In earlier versions of C# IEnumerable was defined like this:
public interface IEnumerable<T> : IEnumerable
Since C# 4 the definition is:
public interface IEnumerable<out T> : IEnumerable
Is it just to make the annoying casts in LINQ expressions go away?
Won't this introduce the same problems like with string[] <: object[] (broken array variance) in C#?
How was the addition of the covariance done from a compatibility point of view? Will earlier code still work on later versions of .NET or is recompilation necessary here? What about the other way around?
Was previous code using this interface strictly invariant in all cases or is it possible that certain use cases will behave different now?

Marc's and CodeInChaos's answers are pretty good, but just to add a few more details:
First off, it sounds like you are interested in learning about the design process we went through to make this feature. If so, then I encourage you to read my lengthy series of articles that I wrote while designing and implementing the feature. Start from the bottom of the page:
Covariance and contravariance blog posts
Is it just to make the annoying casts in LINQ expressions go away?
No, it is not just to avoid Cast<T> expressions, but doing so was one of the motivators that encouraged us to do this feature. We realized that there would be an uptick in the number of "why can't I use a sequence of Giraffes in this method that takes a sequence of Animals?" questions, because LINQ encourages the use of sequence types. We knew that we wanted to add covariance to IEnumerable<T> first.
We actually considered making IEnumerable<T> covariant even in C# 3 but decided that it would be strange to do so without introducing the whole feature for anyone to use.
Won't this introduce the same problems like with string[] <: object[] (broken array variance) in C#?
It does not directly introduce that problem because the compiler only allows variance when it is known to be typesafe. However, it does preserve the broken array variance problem. With covariance, IEnumerable<string[]> is implicitly convertible to IEnumerable<object[]>, so if you have a sequence of string arrays, you can treat that as a sequence of object arrays, and then you have the same problem as before: you can try to put a Giraffe into that string array and get an exception at runtime.
How was the addition of the covariance done from a compatibility point of view?
Carefully.
Will earlier code still work on later versions of .NET or is recompilation necessary here?
Only one way to find out. Try it and see what fails!
It's often a bad idea to try to force code compiled against .NET X to run against .NET Y if X != Y, regardless of changes to the type system.
What about the other way around?
Same answer.
Is it possible that certain use cases will behave different now?
Absolutely.
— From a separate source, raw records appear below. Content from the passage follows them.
(* Unbounded [t] would give, after division by [t], [-v] in the closed cone. *)
Lemma lam_bounded v : K v -> v <> vzero ->
  exists T, forall x t, Lball x -> K (vsub x (vscale t v)) -> t <= T.
Proof.
move=> Kv Hv0; apply: NNPP => Hno.
have H : forall j : nat, exists p : vec n * R,
    Lball p.1 /\ K (vsub p.1 (vscale p.2 v)) /\ INR j + 1 < p.2.
  move=> j; apply: NNPP => Hj; apply: Hno; exists (INR j + 1) => x t Bx Kx.
  by apply: Rnot_lt_le => ht; apply: Hj; exists (x, t).
case: (ClassicalEpsilon.choice _ H) => p Hp.
have [cN [cN0 HcN]] := norm_ball_bounded HN.
have tpos : forall j, 0 < (p j).2 by move=> j; have := (Hp j).2.2; have := pos_INR j; lra.
pose zs j := vscale (/ (p j).2) (vsub (p j).1 (vscale (p j).2 v)).
have Kz : forall j, K (zs j).
  by move=> j; apply: cone_scale; [exact: (Hp j).2.1 | exact/Rlt_le/Rinv_0_lt_compat/tpos].
have Cz : conv zs (vopp v).
  move=> i; apply: cv_of_sub_cv0.
  have -> : (fun k => zs k i - vopp v i) = (fun k => / (p k).2 * (p k).1 i).
    apply: functional_extensionality => k; rewrite /zs /vscale /vsub /vopp; field.
    exact/Rgt_not_eq/tpos.
  apply: (cv_squeeze0 (C := cN) _ inv_INR_S_cv) => k.
  have hp := (Hp k).2.2; have ht := tpos k; have hj := pos_INR k.
  have hinv : 0 < / (p k).2 by exact: Rinv_0_lt_compat.
  rewrite Rabs_mult Rabs_right; last exact/Rle_ge/Rlt_le.
  have hb := HcN _ (Hp k).1.2 i.
  have : / (p k).2 <= / (INR k + 1) by apply: Rinv_le_contravar; lra.
  have := Rabs_pos ((p k).1 i); nra.
exact/Hv0/cone_pointed/(cone_closed Kz Cz).
Qed.

Lemma lam_max_exists v : K v -> v <> vzero -> exists t, lam_max v t.
Proof.
move=> Kv Hv0; have [T HT] := lam_bounded Kv Hv0.
pose Phi t := exists x, Lball x /\ K (vsub x (vscale t v)).
have Phi0 : Phi 0.
  exists vzero; split; first exact: Lball_zero.
  suff -> : vsub vzero (vscale 0 v) = vzero by exact: cone_zero.
  by apply: vec_eq => i; rewrite /vsub /vscale /vzero; ring.
have Phib : bound Phi by exists T => t [x [Bx Kx]]; exact: HT Kx.
case: (completeness Phi Phib (ex_intro _ 0 Phi0)) => ts Hts.
have H : forall j : nat, exists p : vec n * R,
    Lball p.1 /\ K (vsub p.1 (vscale p.2 v)) /\ ts - / (INR j + 1) < p.2.
  by move=> j; have [t [[x [Bx Kx]] Ht]] := lub_approx j Hts; exists (x, t).
case: (ClassicalEpsilon.choice _ H) => p Hp.
have [cN [cN0 HcN]] := norm_ball_bounded HN.
have [phi [Hphi [x Hx]]] := bounded_conv_subseq (fun k i => HcN _ (Hp k).1.2 i).
have Ht : Un_cv (fun k => (p (phi k)).2) ts.
  apply: cv_of_sub_cv0; apply: (cv_squeeze0 (C := 1) _ (cv_subseq Hphi inv_INR_S_cv)) => k.
  have h1 := (Hp (phi k)).2.2.
  have h2 : (p (phi k)).2 <= ts.
    by apply: Hts.1; exists (p (phi k)).1; exact: (conj (Hp _).1 (Hp _).2.1).
  rewrite Rabs_left1; lra.
exists ts; split; last by move=> y t By Ky; apply: Hts.1; exists y.
exists x; split; first exact: Lball_closed (fun k => (Hp (phi k)).1) Hx.
apply: (cone_closed (fun k => (Hp (phi k)).2.1)).
exact: conv_sub Hx (conv_scale Ht (conv_const v)).
Qed.

Hypothesis Hn : (0 < n)%coq_nat.
Hypothesis HLint : exists x, L x /\ int_pt K x.

Lemma int_pt_neq0 x : int_pt K x -> x <> vzero.
Proof.
move=> [r [r0 Hr]] Hx; subst x.
pose i0 := Ordinal (introT ltP Hn).
pose y : vec n := fun j => if j == i0 then r / 2 else 0.
have Hsmall : forall j, Rabs (y j) < r.
  by move=> j; rewrite /y; case: (j == i0); rewrite ?Rabs_R0 ?Rabs_right; lra.
have Ky : K y by apply: Hr => j; rewrite /vzero Rminus_0_r.
have Kmy : K (vopp y) by apply: Hr => j; rewrite /vzero /vopp Rminus_0_r Rabs_Ropp.
have := congr1 (fun f => f i0) (cone_pointed Ky Kmy); rewrite /y eqxx /vzero /=; lra.
Qed.

Lemma Lball_interior : exists x1 r1, Lball x1 /\ 0 < r1 /\
  forall y, (forall i, Rabs (y i - x1 i) < r1) -> K y.
Proof.
case: HLint => x0 [Lx0 [r [r0 Hr]]].
have N0 := norm_ge0 HN x0.
pose a := / (N x0 + 1).
have a0 : 0 < a by apply: Rinv_0_lt_compat; lra.
exists (vscale a x0), (a * r); split; last by split; [nra | exact: int_pt_scale].
split; first exact: (subspace_scale HL _ Lx0).
rewrite (normZ HN) Rabs_right; last lra.
apply: (Rmult_le_reg_l (N x0 + 1)); first lra.
have -> : (N x0 + 1) * (a * N x0) = N x0 by rewrite /a; field; lra.
lra.
Qed.

Definition unitK v := K v /\ N3 v = 1.

Lemma unitK_bounded : exists c3, 0 < c3 /\ forall v, unitK v -> sabs v <= c3.
Proof.
have [c [c0 Hc]] := sabs_le_norm HN3; exists c; split => // v [_ Hv].
by have := Hc v; rewrite Hv Rmult_1_r.
Qed.

Lemma unitK_neq0 v : unitK v -> v <> vzero.
Proof. by move=> [_ Hv] h; rewrite h (norm_zero HN3) in Hv; lra. Qed.

Lemma unitK_exists : exists v, unitK v.
Proof.
case: HLint => x0 [_ Ix0].
have hN : 0 < N3 x0.
  case: (Rle_lt_or_eq_dec _ _ (norm_ge0 HN3 x0)) => // /esym /(norm_eq0 HN3).
  by move/(int_pt_neq0 Ix0).
exists (vscale (/ N3 x0) x0); split; last exact: norm_normalize.
case: Ix0 => r [r0 Hr]; apply: cone_scale; last exact/Rlt_le/Rinv_0_lt_compat.
by apply: Hr => i; rewrite Rminus_diag Rabs_R0.
Qed.

Lemma lam_max_gt0 v t : unitK v -> lam_max v t -> 0 < t.
Proof.
move=> Vv [_ Ht].
have [x1 [r1 [Bx1 [r10 Hr1]]]] := Lball_interior.
have [c3 [c30 Hc3]] := unitK_bounded.
pose eps := r1 / (2 * (c3 + 1)).
have e0 : 0 < eps by apply: Rdiv_lt_0_compat; lra.
have Eeps : eps * (2 * (c3 + 1)) = r1 by rewrite /eps; field; lra.
suff : eps <= t by lra.
apply: (Ht x1) => //; apply: Hr1 => i; rewrite /vsub /vscale.
have -> : x1 i - eps * v i - x1 i = - (eps * v i) by ring.
rewrite Rabs_Ropp Rabs_mult Rabs_right; last lra.
have : Rabs (v i) <= c3 by apply: Rle_trans (coord_le_sabs v i) (Hc3 _ Vv).
have := Rabs_pos (v i); nra.
Qed.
Making an interface covariant where it was invariant before is technically a "breaking change" because it can cause working code to break. For example:
if (x is IEnumerable<Animal>)
ABC();
else if (x is IEnumerable<Turtle>)
DEF();
When IE<T> is not covariant, this code chooses either ABC or DEF or neither. When it is covariant, it never chooses DEF anymore.
Or:
class B { public void M(IEnumerable<Turtle> turtles){} }
class D : B { public void M(IEnumerable<Animal> animals){} }
Before, if you called M on an instance of D with a sequence of turtles as the argument, overload resolution chooses B.M because that is the only applicable method. If IE is covariant, then overload resolution now chooses D.M because both methods are applicable, and an applicable method on a more-derived class always beats an applicable method on a less-derived class, regardless of whether the argument type match is exact or not.
Or:
class Weird : IEnumerable<Turtle>, IEnumerable<Banana> { ... }
class B
{
public void M(IEnumerable<Banana> bananas) {}
}
class D : B
{
public void M(IEnumerable<Animal> animals) {}
public void M(IEnumerable<Fruit> fruits) {}
}
If IE is invariant then a call to d.M(weird) resolves to B.M. If IE suddenly becomes covariant then both methods D.M are applicable, both are better than the method on the base class, and neither is better than the other, so, overload resolution becomes ambiguous and we report an error.
When we decided to make these breaking changes, we were hoping that (1) the situations would be rare, and (2) when situations like this arise, almost always it is because the author of the class is attempting to simulate covariance in a language that doesn't have it. By adding covariance directly, hopefully when the code "breaks" on recompilation, the author can simply remove the crazy gear trying to simulate a feature that now exists.

In order:
Is it just to make the annoying casts in LINQ expressions go away?
It makes things behave like people generally expect ;p
Won't this introduce the same problems like with string[] <: object[] (broken array variance) in C#?
No; since it doesn't expose any Add mechanism or similar (and can't; out and in are enforced at the compiler)
How was the addition of the covariance done from a compatibility point of view?
The CLI already supported it, this merely makes C# (and some of the existing BCL methods) aware of it
Will earlier code still work on later versions of .NET or is recompilation necessary here?
It is entirely backwards compatible, however: C# that relies on C# 4.0 variance won't compile in a C# 2.0 etc compiler
What about the other way around?
That is not unreasonable
Was previous code using this interface strictly invariant in all cases or is it possible that certain use cases will behave different now?
Some BCL calls (IsAssignableFrom) may return differently now

Is it just to make the annoying casts in LINQ expressions go away?
Not only when using LINQ. It's useful everywhere you have an IEnumerable<Derived> and the code expects a IEnumerable<Base>.
Won't this introduce the same problems like with string[] <: object[] (broken array variance) in C#?
No, because covariance is only allowed on interfaces that return values of that type, but don't accept them. So it's safe.
How was the addition of the covariance done from a compatibility point of view? Will earlier code still work on later versions of .NET or is recompilation necessary here? What about the other way around?
I think already compiled code will mostly work as is. Some runtime type-checks (is, IsAssignableFrom, ...) will return true where they returned false earlier.
Was previous code using this interface strictly invariant in all cases or is it possible that certain use cases will behave different now?
Not sure what you mean by that
The biggest problems are related to overload resolution. Since now additional implicit conversions are possible a different overload might be chosen.
void DoSomething(IEnumerabe<Base> bla);
void DoSomething(object blub);
IEnumerable<Derived> values = ...;
DoSomething(values);
But of course, if these overload behave differently, the API is already badly designed.

Related

c# assign a derived class to a base generic variable [duplicate]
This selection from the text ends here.